(* Let $K$ be a connected $2$-dimensional simplicial complex (with or without boundary), and let $f: K\to\mathbb{R}^3$ be a polyhedron. Then the following two statements are equivalent: (i) $f(K)$ is not embedded in $\mathbb{R}^3$, i.e. $f$ is not injective; (ii) there exist two simplices $\sigma_1,\sigma_2\in K$ with $\dim\sigma_1\leqslant 1$, and points $u_1\in\sigma_1$, $u_2\in\sigma_2$, such that $u_1\neq u_2$ and $f(u_1)=f(u_2)$.
   Context: A polyhedron is a continuous map $f: K\to\mathbb{R}^3$ from (the geometric realization of) a connected $2$-dimensional simplicial complex $K$ which is affine linear and nondegenerate (i.e. injective) on every simplex of $K$. The polyhedron is called embedded if $f$ is injective. *)

From HB Require Import structures.
From mathcomp Require Import all_boot all_order all_algebra.
From mathcomp Require Import reals.
Set Implicit Arguments. Unset Strict Implicit. Unset Printing Implicit Defensive.
Import Order.TTheory GRing.Theory Num.Theory.
Local Open Scope ring_scope.

Definition is_complex (V : finType) (K : {set {set V}}) : Prop :=
  set0 \notin K /\
  (forall s t : {set V}, s \in K -> t \subset s -> t != set0 -> t \in K).

(* K is 2-dimensional: every simplex has at most 3 vertices (dim <= 2) and
   some simplex has exactly 3 vertices (dim = 2). *)
Definition dim2 (V : finType) (K : {set {set V}}) : Prop :=
  (forall s, s \in K -> #|s| <= 3)%N /\ exists s, s \in K /\ #|s| = 3%N.

Definition complex_connected (V : finType) (K : {set {set V}}) : Prop :=
  forall v w : V, [set v] \in K -> [set w] \in K ->
    connect (fun a b => [set a; b] \in K) v w.

(* Points of the geometric realization are given by barycentric coordinates
   x : V -> R.  [in_simplex s x] : x lies in the closed geometric simplex s. *)
Definition in_simplex (R : realType) (V : finType) (s : {set V})
  (x : {ffun V -> R}) : Prop :=
  (forall v, 0 <= x v) /\ \sum_v x v = 1 /\ (forall v, v \notin s -> x v = 0).

Definition in_realization (R : realType) (V : finType) (K : {set {set V}})
  (x : {ffun V -> R}) : Prop :=
  exists2 s, s \in K & in_simplex s x.

(* The map |K| -> R^3 which is affine on each simplex, sending vertex v to p v. *)
Definition fmap (R : realType) (V : finType) (p : V -> 'rV[R]_3)
  (x : {ffun V -> R}) : 'rV[R]_3 :=
  \sum_v x v *: p v.

Definition polyhedron (R : realType) (V : finType) (K : {set {set V}})
  (p : V -> 'rV[R]_3) : Prop :=
  forall s, s \in K -> forall x y : {ffun V -> R},
    in_simplex s x -> in_simplex s y -> fmap p x = fmap p y -> x = y.

Definition embedded (R : realType) (V : finType) (K : {set {set V}})
  (p : V -> 'rV[R]_3) : Prop :=
  forall x y : {ffun V -> R},
    in_realization K x -> in_realization K y -> fmap p x = fmap p y -> x = y.

From HB Require Import structures.
From mathcomp Require Import all_boot all_order all_algebra.
From mathcomp Require Import reals.
From Stdlib Require Import Classical.
Import Order.TTheory GRing.Theory Num.Theory.
Local Open Scope ring_scope.
Set Implicit Arguments. Unset Strict Implicit.

(* Let x != y lie in triangles s and t with f x = f y.  The tangent planes of
   s and t are 2-dimensional, so (da, db) |-> f da - f db, from their product
   to R^3, has a nonzero kernel vector.  Sliding x along da and y along db
   keeps the two images equal; slide forwards, and then backwards, until one
   of the points reaches the boundary of its triangle, hence an edge.  If the
   two points differ at one of these exit times we are done; otherwise the two
   affine paths agree at two distinct times (or both times are 0), so x = y. *)

Lemma rV_dependent (F : fieldType) (I : finType) n (c : I -> 'rV[F]_n) :
  (n < #|I|)%N -> exists2 w : I -> F, exists i, w i != 0 & \sum_i w i *: c i = 0.
Proof.
move=> n_lt_I.
pose M : 'M[F]_(#|I|, n) := \matrix_k c (enum_val k).
have : ~~ row_free M.
  by rewrite -row_leq_rank -ltnNge (leq_ltn_trans (rank_leq_col M)).
rewrite -kermx_eq0 -nz_row_eq0; set u := nz_row _ => u_neq0.
have /sub_kermxP uM0 : (u <= kermx M)%MS by exact: nz_row_sub.
exists (fun i => u 0 (enum_rank i)).
  have [k uk] : exists k, u 0 k != 0.
    apply/existsP; apply: contraR u_neq0 => /existsPn u0.
    by apply/eqP/rowP => k; rewrite mxE; apply/eqP/negbNE.
  by exists (enum_val k); rewrite enum_valK.
rewrite -[RHS]uM0 mulmx_sum_row [RHS](reindex _ (onW_bij _ (enum_rank_bij I))) /=.
by apply: eq_bigr => i _; rewrite rowK enum_rankK.
Qed.

Lemma ray_exit (R : realFieldType) (I : finType) (c d : I -> R) :
  (forall i, 0 <= c i) -> (exists i, d i < 0) ->
  exists2 r, 0 <= r & (forall i, 0 <= c i + r * d i) /\
    exists2 i, d i < 0 & c i + r * d i = 0.
Proof.
move=> c_ge0 [i0 di0].
have [i di_lt0 i_min] :=
  @arg_minP _ R I i0 (fun i => d i < 0) (fun i => c i / - d i) di0.
have r_ge0 : 0 <= c i / - d i by rewrite divr_ge0 // oppr_ge0 ltW.
exists (c i / - d i) => //; split; last first.
  by exists i => //; rewrite -mulrNN mulNr divfK ?subrr // oppr_eq0 ltr0_neq0.
move=> j; have [dj_lt0|dj_ge0] := ltrP (d j) 0; last exact: addr_ge0 (mulr_ge0 _ _).
by have := i_min j dj_lt0; rewrite ler_pdivlMr ?oppr_gt0 // mulrN -subr_ge0 opprK.
Qed.

Lemma sumr_eq0_lt0 (R : realDomainType) (I : finType) (f : I -> R) i :
  \sum_j f j = 0 -> f i != 0 -> exists j, f j < 0.
Proof.
move=> sum0 fi; have [j fj|f_ge0] := pickP (fun j => f j < 0); first by exists j.
move: fi; rewrite (psumr_eq0P _ sum0) ?eqxx // => j _.
by rewrite leNgt f_ge0.
Qed.

Lemma sumr_eq0_sign (R : realDomainType) (I : finType) (f : I -> R) i :
  \sum_j f j = 0 -> f i != 0 -> (exists j, f j < 0) /\ (exists j, 0 < f j).
Proof.
move=> sum0 fi; split; first exact: sumr_eq0_lt0 sum0 fi.
have sumN0 : \sum_j - f j = 0 by rewrite sumrN sum0 oppr0.
have fNi : - f i != 0 by rewrite oppr_eq0.
by have [j] := sumr_eq0_lt0 sumN0 fNi; rewrite oppr_lt0; exists j.
Qed.

Lemma eq_line_at2 (F : fieldType) (M : lmodType F) (a b a' b' : M) r1 r2 :
  r1 != r2 -> a + r1 *: b = a' + r1 *: b' -> a + r2 *: b = a' + r2 *: b' ->
  a = a'.
Proof.
move=> r12 e1 e2.
have : (r1 - r2) *: b = (r1 - r2) *: b'.
  rewrite !scalerBl -[LHS]add0r -(subrr a) addrACA -opprD e1 e2.
  by rewrite opprD addrACA subrr add0r.
move/scalerI; rewrite subr_eq0 => /(_ r12) bb'.
by move: e1; rewrite bb' => /addIr.
Qed.

Section Barycentric.
Variables (R : realType) (V : finType).
Implicit Types (s t : {set V}) (x y d : {ffun V -> R}) (p : V -> 'rV[R]_3).

Definition tangent s d := \sum_v d v = 0 /\ forall v, v \notin s -> d v = 0.

Definition slide x d (r : R) : {ffun V -> R} := [ffun v => x v + r * d v].

Lemma fmap_slide p x d r : fmap p (slide x d r) = fmap p x + r *: fmap p d.
Proof.
rewrite /fmap scaler_sumr -big_split; apply: eq_bigr => v _.
by rewrite ffunE scalerDl scalerA.
Qed.

Lemma slide0 x d : slide x d 0 = x.
Proof. by apply/ffunP => v; rewrite ffunE mul0r addr0. Qed.

Lemma slide_in_simplex s x d r :
  in_simplex s x -> tangent s d -> (forall v, 0 <= x v + r * d v) ->
  in_simplex s (slide x d r).
Proof.
move=> [_ [x1 x_s]] [d0 d_s] ge0; split; [|split].
- by move=> v; rewrite ffunE.
- by under eq_bigr do rewrite ffunE; rewrite big_split -mulr_sumr /= x1 d0 mulr0 addr0.
- by move=> v vNs; rewrite ffunE x_s // d_s // mulr0 addr0.
Qed.

Definition tri_dir (a1 a2 a3 : V) (w2 w3 : R) : {ffun V -> R} :=
  [ffun v => w2 * ((v == a2)%:R - (v == a1)%:R)
             + w3 * ((v == a3)%:R - (v == a1)%:R)].

Lemma fmap_tri_dir p a1 a2 a3 w2 w3 :
  fmap p (tri_dir a1 a2 a3 w2 w3) = w2 *: (p a2 - p a1) + w3 *: (p a3 - p a1).
Proof.
have fmap_delta a : \sum_v (v == a)%:R *: p v = p a.
  by rewrite (bigD1 a) //= eqxx scale1r big1 ?addr0 // => v /negbTE ->; rewrite scale0r.
rewrite /fmap; under eq_bigr do rewrite ffunE scalerDl -!scalerA !scalerBl.
by rewrite big_split /= -!scaler_sumr !sumrB !fmap_delta.
Qed.

Lemma tangent_tri_dir s a1 a2 a3 w2 w3 :
  a1 \in s -> a2 \in s -> a3 \in s -> tangent s (tri_dir a1 a2 a3 w2 w3).
Proof.
move=> a1s a2s a3s; split.
  have sum_delta a : \sum_v (v == a)%:R = 1 :> R.
    by rewrite (bigD1 a) //= eqxx big1 ?addr0 // => v /negbTE ->.
  under eq_bigr do rewrite ffunE.
  by rewrite big_split /= -!mulr_sumr !sumrB !sum_delta subrr !mulr0 addr0.
move=> v vNs; have vNa a : a \in s -> (v == a) = false.
  by move=> a_s; apply: contraNF vNs => /eqP ->.
by rewrite ffunE !vNa // subrr !mulr0 addr0.
Qed.

Lemma tri_dirE2 a1 a2 a3 w2 w3 :
  a1 != a2 -> a2 != a3 -> tri_dir a1 a2 a3 w2 w3 a2 = w2.
Proof.
move=> a12 a23; rewrite ffunE eqxx eq_sym (negbTE a12) (negbTE a23).
by rewrite !subr0 mulr0 mulr1 addr0.
Qed.

Lemma tri_dirE3 a1 a2 a3 w2 w3 :
  a2 != a3 -> a3 != a1 -> tri_dir a1 a2 a3 w2 w3 a3 = w3.
Proof.
move=> a23 a31; rewrite ffunE eqxx (negbTE a31) eq_sym (negbTE a23).
by rewrite !subr0 mulr0 mulr1 add0r.
Qed.

Lemma common_tangent p s t : (2 < #|s|)%N -> (2 < #|t|)%N ->
  exists da db, [/\ tangent s da, tangent t db, fmap p da = fmap p db
                   & exists v, (da v != 0) || (db v != 0)].
Proof.
move=> /card_gt2P[a1 [a2 [a3 [[a1s a2s a3s] [a12 a23 a31]]]]].
move=> /card_gt2P[b1 [b2 [b3 [[b1t b2t b3t] [b12 b23 b31]]]]].
pose u (i : (bool + bool)%type) := match i with
  | inl k => p (if k then a3 else a2) - p a1
  | inr k => p (if k then b3 else b2) - p b1 end.
have /(rV_dependent u)[w [i wi] wu0] : (3 < #|{: bool + bool}|)%N.
  by rewrite card_sum card_bool.
rewrite big_sumType !big_bool /= in wu0.
exists (tri_dir a1 a2 a3 (w (inl false)) (w (inl true))).
exists (tri_dir b1 b2 b3 (- w (inr false)) (- w (inr true))); split.
- exact: tangent_tri_dir.
- exact: tangent_tri_dir.
- rewrite !fmap_tri_dir !scaleNr; apply/eqP; rewrite -subr_eq0 opprD !opprK.
  by rewrite [w (inl false) *: _ + _]addrC [w (inr false) *: _ + _]addrC wu0.
case: i wi => -[] wi; [exists a3 | exists a2 | exists b3 | exists b2];
  by rewrite ?tri_dirE2 ?tri_dirE3 ?oppr_eq0 ?wi ?orbT.
Qed.

Lemma complex_setD1 (K : {set {set V}}) s v :
  is_complex K -> s \in K -> (1 < #|s|)%N -> s :\ v \in K.
Proof.
move=> [_ K_closed] sK s_gt1; apply: (K_closed s) => //; first exact: subsetDl.
rewrite -card_gt0 -(ltn_add2l (v \in s)) -cardsD1 addn0.
exact: leq_ltn_trans (leq_b1 _) s_gt1.
Qed.

Lemma in_simplex_setD1 s x v :
  in_simplex s x -> x v = 0 -> in_simplex (s :\ v) x.
Proof.
move=> [x_ge0 [x1 x_s]] xv0; split; [|split] => // u.
by rewrite in_setD1 negb_and negbK => /orP[/eqP ->|/x_s].
Qed.

Definition double_point_on_edge (K : {set {set V}}) p : Prop :=
  exists (s1 s2 : {set V}) (u1 u2 : {ffun V -> R}),
    [/\ s1 \in K, s2 \in K, (#|s1| <= 2)%N,
        in_simplex s1 u1 /\ in_simplex s2 u2 &
        u1 <> u2 /\ fmap p u1 = fmap p u2].

Lemma double_point_opposite_edge K p s t x y v :
  is_complex K -> s \in K -> t \in K -> #|s| = 3%N ->
  in_simplex s x -> in_simplex t y -> v \in s -> x v = 0 ->
  x <> y -> fmap p x = fmap p y -> double_point_on_edge K p.
Proof.
move=> K_complex sK tK s3 xs yt vs xv0 x_neq_y fxy.
have sDv2 : #|s :\ v| = 2%N by move: s3; rewrite (cardsD1 v) vs => -[].
exists (s :\ v), t, x, y; split => //.
- by apply: complex_setD1; rewrite ?s3.
- by rewrite sDv2.
- by split => //; apply: in_simplex_setD1.
Qed.

Section Sliding.
Variables (K : {set {set V}}) (p : V -> 'rV[R]_3) (s t : {set V}).
Variables (x y da db : {ffun V -> R}).
Hypotheses (K_complex : is_complex K) (sK : s \in K) (tK : t \in K).
Hypotheses (s3 : #|s| = 3%N) (t3 : #|t| = 3%N).
Hypotheses (xs : in_simplex s x) (yt : in_simplex t y).
Hypotheses (da_s : tangent s da) (db_t : tangent t db).
Hypotheses (fxy : fmap p x = fmap p y) (fd : fmap p da = fmap p db).

(* The pair of points and the pair of directions, as single families indexed
   by V + V, so that one exit time keeps both points in their triangles. *)
Let c (i : (V + V)%type) := match i with inl v => x v | inr v => y v end.
Let d (i : (V + V)%type) := match i with inl v => da v | inr v => db v end.

Lemma exit_double_point r i :
  (forall j, 0 <= c j + r * d j) -> d i != 0 -> c i + r * d i = 0 ->
  slide x da r <> slide y db r -> double_point_on_edge K p.
Proof.
move=> ge0 di_neq0 ci0 slides_neq.
have fslide : fmap p (slide x da r) = fmap p (slide y db r).
  by rewrite !fmap_slide fxy fd.
have xs' := slide_in_simplex xs da_s (fun v => ge0 (inl v)).
have yt' := slide_in_simplex yt db_t (fun v => ge0 (inr v)).
case: i di_neq0 ci0 => v /= dv cv.
- apply: (double_point_opposite_edge (v := v)) xs' yt' _ _ slides_neq fslide => //.
  + by apply: contraNT dv => /da_s.2 ->.
  + by rewrite ffunE.
- apply: (double_point_opposite_edge (v := v)) yt' xs' _ _ _ (esym fslide) => //.
  + by apply: contraNT dv => /db_t.2 ->.
  + by rewrite ffunE.
  + by move=> /esym.
Qed.

Hypothesis x_neq_y : x <> y.
Hypothesis d_neq0 : exists v, (da v != 0) || (db v != 0).

Lemma triangle_collision_double_point : double_point_on_edge K p.
Proof.
have [[i d_neg] [j d_pos]] : (exists i, d i < 0) /\ (exists j, 0 < d j).
  case: d_neq0 => v /orP[dv|dv].
  - have [[u du] [u' du']] := sumr_eq0_sign da_s.1 dv.
    by split; [exists (inl u) | exists (inl u')].
  - have [[u du] [u' du']] := sumr_eq0_sign db_t.1 dv.
    by split; [exists (inr u) | exists (inr u')].
have c_ge0 : forall i, 0 <= c i by case=> v; [exact: xs.1 | exact: yt.1].
have [r1 r1_ge0 [ge0_1 [i1 di1 ci1]]] := ray_exit c_ge0 (ex_intro _ i d_neg).
have dNj : - d j < 0 by rewrite oppr_lt0.
have [r2 r2_ge0 [ge0_2 [i2 di2 ci2]]] :=
  ray_exit (d := fun i => - d i) c_ge0 (ex_intro _ j dNj).
have [e1|] := eqVneq (slide x da r1) (slide y db r1); last first.
  by move/eqP; apply: exit_double_point ge0_1 (ltr0_neq0 di1) ci1.
have [e2|] := eqVneq (slide x da (- r2)) (slide y db (- r2)); last first.
  move/eqP; apply: (exit_double_point (i := i2)).
  - by move=> k; rewrite mulNr -mulrN; exact: ge0_2.
  - by rewrite -oppr_eq0 ltr0_neq0.
  - by rewrite mulNr -mulrN.
exfalso; apply: x_neq_y.
have [r1_0|r1_neq0] := eqVneq r1 0; first by move: e1; rewrite r1_0 !slide0.
have r12 : r1 != - r2.
  by rewrite gt_eqF // (le_lt_trans _ (_ : 0 < r1)) ?oppr_le0 // lt0r r1_neq0.
apply/ffunP => v; apply: (eq_line_at2 (M := R^o) (b := da v) (b' := db v) r12).
- by move/ffunP/(_ v): e1; rewrite !ffunE.
- by move/ffunP/(_ v): e2; rewrite !ffunE.
Qed.

End Sliding.

Lemma collision_double_point (K : {set {set V}}) p s t x y :
  is_complex K -> (forall s, s \in K -> #|s| <= 3)%N -> s \in K -> t \in K ->
  in_simplex s x -> in_simplex t y -> x <> y -> fmap p x = fmap p y ->
  double_point_on_edge K p.
Proof.
move=> K_complex dim_le3 sK tK xs yt x_neq_y fxy.
have [s_le2|s_gt2] := leqP #|s| 2; first by exists s, t, x, y.
have [t_le2|t_gt2] := leqP #|t| 2.
  by exists t, s, y, x; split => //; split => // /esym.
have card3 u : u \in K -> (2 < #|u|)%N -> #|u| = 3%N.
  by move=> uK u_gt2; apply/eqP; rewrite eqn_leq dim_le3.
have [da [db [da_s db_t fd d_neq0]]] := common_tangent p s_gt2 t_gt2.
exact: (triangle_collision_double_point K_complex sK tK
          (card3 _ sK s_gt2) (card3 _ tK t_gt2) xs yt da_s db_t fxy fd x_neq_y d_neq0).
Qed.

End Barycentric.

Theorem lemma1 (R : realType) (V : finType) (K : {set {set V}})
  (p : V -> 'rV[R]_3) :
  is_complex K -> dim2 K -> complex_connected K -> polyhedron K p ->
  (~ embedded K p <->
   exists (s1 s2 : {set V}) (u1 u2 : {ffun V -> R}),
     [/\ s1 \in K, s2 \in K, (#|s1| <= 2)%N,
         in_simplex s1 u1 /\ in_simplex s2 u2 &
         u1 <> u2 /\ fmap p u1 = fmap p u2]).
Proof.
move=> K_complex [dim_le3 _] _ _; split.
- move=> not_embedded; apply: NNPP => no_double_point.
  apply: not_embedded => x y [s sK xs] [t tK yt] fxy; apply: NNPP => x_neq_y.
  apply: no_double_point.
  exact: (collision_double_point K_complex dim_le3 sK tK xs yt x_neq_y fxy).
- move=> [s1 [s2 [u1 [u2 [s1K s2K _ [u1s u2s] [u_neq fu]]]]]] embedded.
  by apply: u_neq; apply: embedded => //; [exists s1 | exists s2].
Qed.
•••
* [EXERCISE AIM]
Among the entries above, copy exactly only the lines starting with the one containing "0) || (db v != 0)]." and going through the one containing "- p b1 end.", both ends included.

* [SOLUTION TO THE EXERCISE]
                   & exists v, (da v != 0) || (db v != 0)].
Proof.
move=> /card_gt2P[a1 [a2 [a3 [[a1s a2s a3s] [a12 a23 a31]]]]].
move=> /card_gt2P[b1 [b2 [b3 [[b1t b2t b3t] [b12 b23 b31]]]]].
pose u (i : (bool + bool)%type) := match i with
  | inl k => p (if k then a3 else a2) - p a1
  | inr k => p (if k then b3 else b2) - p b1 end.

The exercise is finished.